Edit: just saw the CC transcript in which Dirk Meyer mentions the launch next week. :LOL: no sense playing dumb now :p
 
Well as AMD proclaims it's their 2nd generation DX11 launch, you'd want to come close to or match the competition on the tessellation feature with your second coming, which mind you was one of the big sells of DX11 to begin with. I'd say they will since they were behind on this front.
Actually, looking at some tesselation numbers again (apart from the unigine/stone giant scores where the performance difference between GTX460/HD5850 isn't actually THAT big) (http://www.hardware.fr/articles/795-5/dossier-nvidia-geforce-gtx-460.html) I think eclipsing GF104 numbers shouldn't be too hard. With tesselation, the GF104 seems just barely able to output more than 1 tri/clock. That would mean Barts could (thanks to the higher clock) actually exceed that even with 1 tri/clock limitation. Despite AMD claiming tesselation shouldn't be limited to 1/3 tri rate of non-tesselated case, all tests showed this limitation - so if AMD can change that (whatever was causing it - thread generation?) that would be enough to beat GF104. Actually, just a factor of 2 increase would probably be enough for Barts not to be slower in Unigine Extreme or Stone Giant. So maybe it'll still look a bit weak compared to GF104 on paper but turn out to be at least as fast in practice.
 
Actually, looking at some tesselation numbers again (apart from the unigine/stone giant scores where the performance difference between GTX460/HD5850 isn't actually THAT big) (http://www.hardware.fr/articles/795-5/dossier-nvidia-geforce-gtx-460.html) I think eclipsing GF104 numbers shouldn't be too hard. With tesselation, the GF104 seems just barely able to output more than 1 tri/clock. That would mean Barts could (thanks to the higher clock) actually exceed that even with 1 tri/clock limitation. Despite AMD claiming tesselation shouldn't be limited to 1/3 tri rate of non-tesselated case, all tests showed this limitation - so if AMD can change that (whatever was causing it - thread generation?) that would be enough to beat GF104. Actually, just a factor of 2 increase would probably be enough for Barts not to be slower in Unigine Extreme or Stone Giant. So maybe it'll still look a bit weak compared to GF104 on paper but turn out to be at least as fast in practice.

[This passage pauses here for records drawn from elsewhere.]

(* If a partial coloring of an $n\times n$ square $A$ uniquely extends to $L(n,2n-2)$, then $A$ has no three uncolored entries in the same row, and no three uncolored entries in the same column.
   Context: For positive integers $n,k$, let $\mathcal{L}_{n,k}$ be the set of $n\times n$ squares all of whose entries are colored with colors from a fixed set of $k$ colors $\{1,\dots,k\}$ such that any two entries in the same row, or in the same column, have different colors. Entries are indexed $(i,j)$, $i$ the row and $j$ the column. A partial coloring of an $n\times n$ square assigns colors from $\{1,\dots,k\}$ to some of its entries; the remaining entries are called uncolored. A partial coloring extends to $L(n,k)$ if the uncolored entries can be colored so that the resulting fully colored square lies in $\mathcal{L}_{n,k}$ (keeping the given colors), and it uniquely extends to $L(n,k)$ if there is exactly one such way. *)

From mathcomp Require Import all_boot.
Set Implicit Arguments. Unset Strict Implicit. Unset Printing Implicit Defensive.

(* A fully colored n x n square with colors in 'I_k (colors {1..k} shifted to {0..k-1}). *)
Definition square (n k : nat) := {ffun 'I_n * 'I_n -> 'I_k}.
(* A partial coloring: None = uncolored. *)
Definition pcoloring (n k : nat) := {ffun 'I_n * 'I_n -> option 'I_k}.

Definition in_L (n k : nat) (L : square n k) : Prop :=
  (forall i j j', j != j' -> L (i, j) != L (i, j')) /\
  (forall i i' j, i != i' -> L (i, j) != L (i', j)).

Definition extends (n k : nat) (A : pcoloring n k) (L : square n k) : Prop :=
  forall e c, A e = Some c -> L e = c.

Definition uniquely_extends (n k : nat) (A : pcoloring n k) : Prop :=
  exists L, (in_L L /\ extends A L) /\
            forall L', in_L L' -> extends A L' -> L' = L.

From mathcomp Require Import all_boot zify.
Set Implicit Arguments. Unset Strict Implicit. Unset Printing Implicit Defensive.

(* Let L be the unique completion and j1, j2, j3 free cells of row i. The
   color of a free cell may be changed to any color missing from the rest of
   its column (n - 1 colors) and from the n - 3 other cells of the row, so
   with 2n - 2 colors each free cell has a second candidate besides its color
   in L.  Three cells with two candidates each always admit a second choice of
   pairwise distinct colors, which yields a second completion.  Columns follow
   by transposition. *)

Lemma another_distinct_triple (T : eqType) (P1 P2 P3 : T -> Prop)
    (c1 c2 c3 d1 d2 d3 : T) :
  uniq [:: c1; c2; c3] -> d1 != c1 -> d2 != c2 -> d3 != c3 ->
  P1 c1 -> P2 c2 -> P3 c3 -> P1 d1 -> P2 d2 -> P3 d3 ->
  exists e1 e2 e3, [/\ P1 e1, P2 e2, P3 e3, uniq [:: e1; e2; e3]
                     & [:: e1; e2; e3] != [:: c1; c2; c3]].
Proof.
have eqF (x y : T) : x != y -> ((x == y) = false) * ((y == x) = false).
  by move=> /negbTE xy; rewrite [y == x]eq_sym xy.
rewrite /= !inE !negb_or andbT => /andP[/andP[c12 c13] c23] dc1 dc2 dc3.
move=> Pc1 Pc2 Pc3 Pd1 Pd2 Pd3.
have ne := (eqF _ _ c12, eqF _ _ c13, eqF _ _ c23, eqF _ _ dc1, eqF _ _ dc2, eqF _ _ dc3).
have [d1_new | /negPn] := boolP (d1 \notin [:: c2; c3]).
  move: d1_new; rewrite !inE negb_or => /andP[/eqF d1c2 /eqF d1c3].
  by exists d1, c2, c3; split; rewrite //= ?inE ?eqseq_cons ?ne ?d1c2 ?d1c3 ?eqxx.
have [d2_new | /negPn] := boolP (d2 \notin [:: c1; c3]).
  move: d2_new; rewrite !inE negb_or => /andP[/eqF d2c1 /eqF d2c3].
  by exists c1, d2, c3; split; rewrite //= ?inE ?eqseq_cons ?ne ?d2c1 ?d2c3 ?eqxx.
have [d3_new | /negPn] := boolP (d3 \notin [:: c1; c2]).
  move: d3_new; rewrite !inE negb_or => /andP[/eqF d3c1 /eqF d3c2].
  by exists c1, c2, d3; split; rewrite //= ?inE ?eqseq_cons ?ne ?d3c1 ?d3c2 ?eqxx.
(* Otherwise each [dk] is another [c], so [k |-> dk] permutes a pair or all
   three of the [ck]. *)
rewrite !inE => /orP[]/eqP E3 /orP[]/eqP E2 /orP[]/eqP E1; subst d1 d2 d3;
  [ exists c2, c1, c3 | exists c3, c2, c1 | exists c2, c3, c1 | exists c3, c2, c1
  | exists c2, c1, c3 | exists c3, c1, c2 | exists c1, c3, c2 | exists c1, c3, c2 ];
  by split; rewrite //= ?inE ?eqseq_cons ?ne ?eqxx.
Qed.

Section RecolorRow.

Variables (n k : nat) (L : square n k) (i : 'I_n) (T : {set 'I_n}).

(* [x] may be written at [(i, j)] when row [i] is recolored on the columns [T]
   and everything else is kept. *)
Definition admissible (j : 'I_n) (x : 'I_k) : Prop :=
  (forall i', i' != i -> x != L (i', j)) /\
  (forall j', j' \notin T -> x != L (i, j')).

Lemma admissible_self j : in_L L -> j \in T -> admissible j (L (i, j)).
Proof.
case=> Lrow Lcol jT; split=> [i' i'i | j' j'T]; first by apply: Lcol; rewrite eq_sym.
by apply: Lrow; apply: contraNneq j'T => <-.
Qed.

(* At most [(n - 1) + (n - #|T|)] colors are forbidden, and [L (i, j)] is one
   of the remaining ones. *)
Lemma exists_other_admissible j :
  2 * n < k + #|T| -> exists2 x, x != L (i, j) & admissible j x.
Proof.
move=> big.
set F := [set L (i', j) | i' in [set~ i]] :|: [set L (i, j') | j' in ~: T].
have cardF : #|F| <= n.-1 + (n - #|T|).
  apply: (leq_trans (leq_card_setU _ _)); apply: leq_add.
    by apply: (leq_trans (leq_imset_card _ _)); rewrite cardsC1 card_ord.
  apply: (leq_trans (leq_imset_card _ _)).
  by rewrite [#|~: T|]cardsCs setCK card_ord.
have cardC : 1 < #|~: F|.
  have := cardsC F; have := max_card T; rewrite !card_ord; have := ltn_ord i.
  set f := #|F|; set t := #|T|; set c := #|~: F|; lia.
have : 0 < #|~: F :\ L (i, j)|.
  by rewrite (cardsD1 (L (i, j))) in cardC; lia.
case/card_gt0P => x; rewrite !inE negb_or => /and3P[xL xcol xrow].
exists x => //; split=> [i' i'i | j' j'T].
- by apply: contraNneq xcol => ->; apply: imset_f; rewrite !inE.
- by apply: contraNneq xrow => ->; apply: imset_f; rewrite !inE.
Qed.

Definition recolor_row (g : 'I_n -> 'I_k) : square n k :=
  [ffun e => if e.1 == i then g e.2 else L e].

Variable g : 'I_n -> 'I_k.
Hypothesis g_out : forall j, j \notin T -> g j = L (i, j).

Lemma recolor_row_in_L :
  in_L L -> {in T &, injective g} -> {in T, forall j, admissible j (g j)} ->
  in_L (recolor_row g).
Proof.
case=> Lrow Lcol g_inj g_adm; split=> [i0 j j' jj' | i1 i2 j i12]; rewrite !ffunE /=.
- case: ifP => _; last exact: Lrow.
  have [jT|jT] := boolP (j \in T); have [j'T|j'T] := boolP (j' \in T).
  + by apply: contraNneq jj' => E; rewrite (g_inj j j' jT j'T E).
  + by rewrite (g_out j'T); case: (g_adm j jT) => _; apply.
  + by rewrite eq_sym (g_out jT); case: (g_adm j' j'T) => _; apply.
  + by rewrite !g_out //; apply: Lrow.
- have col j' i' : i' != i -> g j' != L (i', j').
    move=> i'i; have [j'T|j'T] := boolP (j' \in T); first by case: (g_adm j' j'T) => + _; apply.
    by rewrite g_out //; apply: Lcol; rewrite eq_sym.
  case: (eqVneq i1 i) => [E1 | i1i]; case: (eqVneq i2 i) => [E2 | i2i] //=.
  + by rewrite E1 E2 eqxx in i12.
  + exact: col.
  + by rewrite eq_sym; apply: col.
  + exact: Lcol.
Qed.

Lemma recolor_row_extends (A : pcoloring n k) :
  extends A L -> {in T, forall j, A (i, j) = None} -> extends A (recolor_row g).
Proof.
move=> LA A_free [i' j] c Ac; rewrite ffunE /=; case: eqP => [Ei | _]; last exact: LA.
subst i'; have [jT | jT] := boolP (j \in T); first by rewrite A_free in Ac.
by rewrite g_out //; apply: LA.
Qed.

Lemma unique_extension_fixes_row (A : pcoloring n k) :
  in_L L -> extends A L -> (forall L', in_L L' -> extends A L' -> L' = L) ->
  {in T &, injective g} -> {in T, forall j, admissible j (g j)} ->
  {in T, forall j, A (i, j) = None} ->
  forall j, g j = L (i, j).
Proof.
move=> LL LA L_unique g_inj g_adm A_free j.
have -> : L = recolor_row g.
  by apply/esym/L_unique; [exact: recolor_row_in_L | exact: recolor_row_extends].
by rewrite ffunE /= eqxx.
Qed.

End RecolorRow.

Section Transpose.

Variables (n : nat) (T : Type).

Definition transpose_grid (M : {ffun 'I_n * 'I_n -> T}) : {ffun 'I_n * 'I_n -> T} :=
  [ffun e => M (e.2, e.1)].

Lemma transpose_gridK : involutive transpose_grid.
Proof. by move=> M; apply/ffunP => -[a b]; rewrite !ffunE. Qed.

End Transpose.

Lemma in_L_transpose n k (L : square n k) : in_L L -> in_L (transpose_grid L).
Proof. by case=> Lrow Lcol; split=> *; rewrite !ffunE /=; [apply: Lcol | apply: Lrow]. Qed.

Lemma extends_transpose n k (A : pcoloring n k) (L : square n k) :
  extends A L -> extends (transpose_grid A) (transpose_grid L).
Proof. by move=> LA [a b] c; rewrite !ffunE /=; apply: LA. Qed.

Lemma uniquely_extends_transpose n k (A : pcoloring n k) :
  uniquely_extends A -> uniquely_extends (transpose_grid A).
Proof.
case=> L [[LL LA] L_unique]; exists (transpose_grid L).
split; first by split; [apply: in_L_transpose | apply: extends_transpose].
move=> L' LL' AL'; rewrite -(transpose_gridK L'); congr transpose_grid.
apply: L_unique; first exact: in_L_transpose.
by rewrite -[A]transpose_gridK; apply: extends_transpose.
Qed.

Lemma row_has_no_three_free_cells n (A : pcoloring n (2 * n - 2)) (i j1 j2 j3 : 'I_n) :
  uniquely_extends A -> j1 != j2 -> j1 != j3 -> j2 != j3 ->
  A (i, j1) = None -> A (i, j2) = None -> A (i, j3) = None -> False.
Proof.
case=> L [[LL LA] L_unique] j12 j13 j23 A1 A2 A3.
pose js := [:: j1; j2; j3]; pose T := [set j in js].
have js_uniq : uniq js by rewrite /= !inE negb_or j12 j13 j23.
have inT j : j \in T -> [\/ j = j1, j = j2 | j = j3].
  by rewrite !inE => /or3P[]/eqP->; [constructor 1 | constructor 2 | constructor 3].
have big : 2 * n < 2 * n - 2 + #|T|.
  by rewrite cardsE (card_uniqP js_uniq) /=; lia.
have [T1 T2 T3] : [/\ j1 \in T, j2 \in T & j3 \in T] by rewrite !inE !eqxx !orbT.
have [d1 d1L d1_adm] := exists_other_admissible L i j1 big.
have [d2 d2L d2_adm] := exists_other_admissible L i j2 big.
have [d3 d3L d3_adm] := exists_other_admissible L i j3 big.
have cs_uniq : uniq [:: L (i, j1); L (i, j2); L (i, j3)].
  by case: LL => Lrow _; rewrite /= !inE negb_or !Lrow.
have [e1 [e2 [e3 [e1_adm e2_adm e3_adm es_uniq es_new]]]] :=
  another_distinct_triple cs_uniq d1L d2L d3L
    (admissible_self i LL T1) (admissible_self i LL T2) (admissible_self i LL T3)
    d1_adm d2_adm d3_adm.
pose g j := nth (L (i, j)) [:: e1; e2; e3] (index j js).
have g_out j : j \notin T -> g j = L (i, j).
  by rewrite inE => jT; rewrite /g nth_default // memNindex.
have [g1 g2 g3] : [/\ g j1 = e1, g j2 = e2 & g j3 = e3].
  by rewrite /g /= !eqxx (negbTE j12) (negbTE j13) (negbTE j23).
have g_inj : {in T &, injective g}.
  have idx j : j \in T -> index j js < size [:: e1; e2; e3] by rewrite inE -index_mem.
  move=> j j' jT j'T; rewrite /g (set_nth_default e1) ?idx // (set_nth_default e1 _ (idx _ j'T)).
  move/eqP; rewrite nth_uniq ?idx // => /eqP.
  by apply: (index_inj j); [move: jT | move: j'T]; rewrite inE.
have g_adm : {in T, forall j, admissible L i T j (g j)}.
  by move=> j /inT[]->; rewrite ?g1 ?g2 ?g3.
have A_free : {in T, forall j, A (i, j) = None} by move=> j /inT[]->.
have gL := unique_extension_fixes_row g_out LL LA L_unique g_inj g_adm A_free.
by move: es_new; rewrite -g1 -g2 -g3 !gL eqxx.
Qed.

Theorem lemma1 (n : nat) (A : pcoloring n (2 * n - 2)) :
  0 < n ->
  uniquely_extends A ->
  (forall i : 'I_n, ~ exists j1 j2 j3 : 'I_n,
      [/\ j1 != j2, j1 != j3, j2 != j3 &
          [/\ A (i, j1) = None, A (i, j2) = None & A (i, j3) = None]]) /\
  (forall j : 'I_n, ~ exists i1 i2 i3 : 'I_n,
      [/\ i1 != i2, i1 != i3, i2 != i3 &
          [/\ A (i1, j) = None, A (i2, j) = None & A (i3, j) = None]]).
Proof.
move=> _ uA; split.
- move=> i [j1 [j2 [j3 [j12 j13 j23 [A1 A2 A3]]]]].
  exact: row_has_no_three_free_cells uA j12 j13 j23 A1 A2 A3.
- move=> j [i1 [i2 [i3 [i12 i13 i23 [A1 A2 A3]]]]].
  apply: (row_has_no_three_free_cells (uniquely_extends_transpose uA) (i := j) i12 i13 i23);
    by rewrite ffunE.
Qed.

Barts won't be outputting even 1 tri/clk though even when tessellating. It's more like 4 triangles every 5 clocks.
 
This is explained a lot already in this topic. CaymanXT will be volted higher as a single chip sku, it will use a lot of power: ~225w. They will bin the cayman xt chips, cherry pick lower power cores and hit them with a lower stock vid.

the new x850 Press Edition?
 
Huh, Dell is offering $150 off all Alienware videocard upgrades (ATI and nVidia), are they moving inventory because they are in the know?